Multiple Sclerosis Centers of Excellence
There's No Place Like My Home
Sam Adams, OTR/L and Jacqueline Hall, MS, OTR/L, ATP
Most Americans nearing retirement say they plan to live in their homes for as long as possible. Yet, fewer than 5% of people in the US live in homes that support moderate mobility difficulties and fewer than 1% live in homes that are wheelchair accessible. Similarly, most people with MS want to live at home but have not made plans to ensure home accessibility. Mobility challenges for many with MS include fatigue, vision changes, weakness, and poor balance.
Making changes to your home before you experience mobility challenges can help with your safety, your fatigue, and staying independent. Modifying your home may feel overwhelming at first, but there are some steps to follow that can keep things manageable. You can ask your physician if they think you would be a good candidate for a home evaluation from a rehabilitation specialist. A rehabilitation specialist, such as an occupational or physical therapist, can help you select and plan home changes.
Evaluate Yourself and Your Home
First, plan for the home evaluation by gathering information about yourself and your home. A table like below, where each room or area is listed, along with difficult activities followed by why a specific task makes you feel unsafe, can help organize this information.
Make a Plan
In a multi-level home, list rooms for each level. Remember entrances, steps/stairways, parking, and your yard. What is causing you trouble? Is it the layout? Are there too many things in the room? Are your rooms well lit? Are you needing more outlets for lighting or charging? Can you reach things you need?

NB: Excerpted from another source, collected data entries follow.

(* For every integer $n\ge 3$, the Kemeny's constant of $M_n$ is $$Kc(M_n)=\frac{n^{2}-1}{4}+\frac{\sqrt{3}\,n}{2}\cdot\frac{p^{n}-q^{n}}{p^{n}+q^{n}+2}.$$
   Context: For an integer $n\ge 3$, the Möbius polyomino network $M_n$ is the graph with vertex set $\{1,\dots,n\}\cup\{1',\dots,n'\}$ whose edges are $\{i,i+1\}$ and $\{i',(i+1)'\}$ for $1\le i\le n-1$, $\{i,i'\}$ for $1\le i\le n$, and the two edges $\{1,n'\}$ and $\{1',n\}$; it is $3$-regular with $2n$ vertices and $3n$ edges. $p=2+\sqrt3$, $q=2-\sqrt3$. For a connected graph $G$ on $N$ vertices, its normalized Laplacian is $\mathcal L(G)=D^{-1/2}(D-A)D^{-1/2}$ ($D$ the degree matrix, $A$ the adjacency matrix), with eigenvalues $0=\lambda_1<\lambda_2\le\dots\le\lambda_N$, and Kemeny's constant is $Kc(G)=\sum_{i=2}^{N}1/\lambda_i$. *)

From HB Require Import structures.
From mathcomp Require Import all_boot all_order all_algebra.
Set Implicit Arguments. Unset Strict Implicit. Unset Printing Implicit Defensive.
Import Order.TTheory GRing.Theory Num.Theory.
Local Open Scope ring_scope.

(* Vertex labelling of M_n on 'I_(n + n) (0-based):
   unprimed vertex i (1 <= i <= n)  |-> index i - 1
   primed vertex i' (1 <= i <= n)   |-> index n + i - 1 *)

(* The five edge families of M_n, listed as ordered pairs (x, y):
   {i, i+1} (1 <= i <= n-1); {i', (i+1)'} (1 <= i <= n-1); {i, i'} (1 <= i <= n);
   {1, n'}; {1', n}. *)
Definition mobius_edge (n x y : nat) : bool :=
     ((x.+1 == y) && (y < n)%N)
  || ((n <= x)%N && (x.+1 == y) && (y < n + n)%N)
  || ((x < n)%N && (y == x + n)%N)
  || ((x == 0%N) && (y == (n + n).-1))
  || ((x == n) && (y == n.-1)).

Definition mobius_adj (R : nzRingType) (n : nat) : 'M[R]_(n + n) :=
  \matrix_(u, v) (if mobius_edge n u v || mobius_edge n v u then 1 else 0).

Definition deg_mx (R : nzRingType) (N : nat) (A : 'M[R]_N) : 'M[R]_N :=
  diag_mx (\row_u \sum_v A u v).

Definition deg_inv_sqrt_mx (R : rcfType) (N : nat) (A : 'M[R]_N) : 'M[R]_N :=
  diag_mx (\row_u (Num.sqrt (\sum_v A u v))^-1).

Definition norm_laplacian (R : rcfType) (N : nat) (A : 'M[R]_N) : 'M[R]_N :=
  deg_inv_sqrt_mx A *m (deg_mx A - A) *m deg_inv_sqrt_mx A.

Definition is_sorted_spectrum (R : rcfType) (N : nat) (M : 'M[R]_N) (s : seq R) : Prop :=
  sorted <=%R s /\ char_poly M = \prod_(x <- s) ('X - x%:P).

(* Kemeny's constant sum_{i=2}^N 1/lambda_i for the sorted spectrum s. *)
Definition kemeny_of_spectrum (R : rcfType) (s : seq R) : R :=
  \sum_(1 <= i < size s) (s`_i)^-1.

From HB Require Import structures.
From mathcomp Require Import all_boot all_order all_algebra all_field.
From mathcomp Require Import zify ring lra complex.
From mathcomp Require cyclic.
Import Order.TTheory GRing.Theory Num.Theory.
Local Open Scope ring_scope.

(* With the vertices labelled 0 .. 2n-1 (i |-> i - 1, i' |-> n + i - 1), M_n
   is the circulant graph on Z/2nZ in which u is adjacent to u + 1, u - 1 and
   u + n.  It is 3-regular, so its normalized Laplacian is L = I - A/3.

   A circulant matrix is diagonalized by the Fourier matrix (z^(ku)) of a
   primitive 2n-th root of unity z, here taken in R[i]: mode k has eigenvalue
   z^k + z^-k + (-1)^k for A, so the spectrum of L is the multiset of the real
   numbers mu_k = 1 - (2 Re z^k + (-1)^k)/3 (k < 2n), all nonnegative, with
   mu_0 = 0.  A sorted spectrum therefore starts with 0 and Kemeny's constant
   is the sum of the 1/mu_k over k < 2n (with 0^-1 = 0).

   This sum is split by the parity of k.  Even modes k = 2j are indexed by the
   n-th roots of unity x = z^(2j) and contribute sum_(x <> 1) 3/|1 - x|^2 =
   (n^2 - 1)/4, computed through Parseval's identity for S(x) = sum_k k x^k.
   Odd modes are indexed by the roots y of y^n = -1; partial fractions with
   the roots p, q = 2 +- sqrt 3 of X^2 - 4X + 1 reduce them to the sums
   sum_y 1/(a - y) = n a^(n-1)/(a^n + 1), which give the second term. *)

Definition mobius_next (n u : nat) : nat := if u == (n + n).-1 then 0%N else u.+1.
Definition mobius_prev (n u : nat) : nat := if u == 0%N then (n + n).-1 else u.-1.
Definition mobius_antipode (n u : nat) : nat := if (u < n)%N then (u + n)%N else (u - n)%N.

Lemma sum_mul_indicator (R : nzSemiRingType) N (F : nat -> R) (w : nat) :
  (w < N)%N -> \sum_(v < N) F v * (v == w :> nat)%:R = F w.
Proof.
move=> lt_wN; rewrite (bigD1 (Ordinal lt_wN)) //= eqxx mulr1 big1 ?addr0 //.
by move=> v; rewrite -val_eqE /= => /negbTE ->; rewrite mulr0.
Qed.

Lemma mobius_adj_sym (R : nzRingType) n (u v : 'I_(n + n)) :
  mobius_adj R n u v = mobius_adj R n v u.
Proof. by rewrite !mxE orbC. Qed.

Section MobiusCirculant.

Context {n : nat} (n_ge3 : (3 <= n)%N).

Lemma mobius_neighbours_mod {u : nat} : (u < n + n)%N ->
  [/\ mobius_next n u = ((u + 1) %% (n + n))%N,
      mobius_prev n u = ((u + (n + n).-1) %% (n + n))%N
    & mobius_antipode n u = ((u + n) %% (n + n))%N].
Proof.
move=> lt_u; rewrite /mobius_next /mobius_prev /mobius_antipode; split.
- case: (u =P (n + n).-1) => [->|ne_u]; first by rewrite addn1 prednK ?modnn //; lia.
  by rewrite modn_small //; lia.
- case: (u =P 0%N) => [->|ne_u]; first by rewrite add0n modn_small //; lia.
  have -> : (u + (n + n).-1 = u.-1 + (n + n))%N by lia.
  by rewrite modnDr modn_small //; lia.
- case: (ltnP u n) => [lt_un|le_nu]; first by rewrite modn_small //; lia.
  have -> : (u + n = (u - n) + (n + n))%N by lia.
  by rewrite modnDr modn_small //; lia.
Qed.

Once you have identified what is difficult in your home, decide which rooms or areas involve safety. Your safety should be the most important focus, followed by things that most affect what challenges you, like fatigue. There are many simple changes that can result in increased accessibility. A major remodel or moving to a different home may also be an option, though both require more resources -information, as well as funding.
Follow the “5 Rs” When Considering Modifying Your Home For Safety and Accessibility:
Eliminate the unneeded – clothing you don’t wear; extra dishes in the kitchen; expired items in the ‘fridge or bathroom. Overfilled storage areas require more effort and time to locate items.
Save energy by moving heavier items to places easily reached. Clear pathways to reduce trip hazards and ensure access to light switches, door handles, and the bathroom at night.
In a multi-level home, consider rearranging rooms to spend most time on the most accessible level. Can you convert a main floor office to a bedroom, a dining room to a multi-purpose room with computer access, or move someone else’s bedroom to the upper level?
Make home modifications before you actually need them to maximize safety and your peace of mind. Remodeling may include adding ramps, widening doorways, adding safety equipment, or using technology to operate your environment hands-free or with voice activated devices.
If these modifications are too much to manage, you may consider moving somewhere that has helpful features already in place. Certain single-family home styles (e.g., ranch/rambler) may be more accessible with open floorplans and single-story living. Some apartment buildings offer units that were designed with accessibility in mind.
When You Need More Support
Managing changes to your home requires time and energy. You may choose to do these updates yourself, or with a rehabilitation specialist’s or remodeling professional’s help. A “Certified Aging in Place Specialist,” interior designer, or a general contractor may be helpful additions to your team.
Terms and Specialists to Know as You Navigate Supportive Resources:
Certified Aging in Place Specialist (CAPS) are professionals, often home remodelers or healthcare professionals, who offer home modification services to seniors or adults looking to age in place.
The federal Fair Housing Act Act requires that some units in multi-family projects feature some accessible design features, such as an accessible entrance, widened doors, and reinforced walls for grab-bar installation.
Accessory Dwelling Units (ADUs) are living units on the same lot as a single-family residence that are often detached from the main residence. They have their own kitchen, sleeping area, and bathroom, and can be designed to maximize accessibility. This may be an option for those who are interested in living on a family member’s property.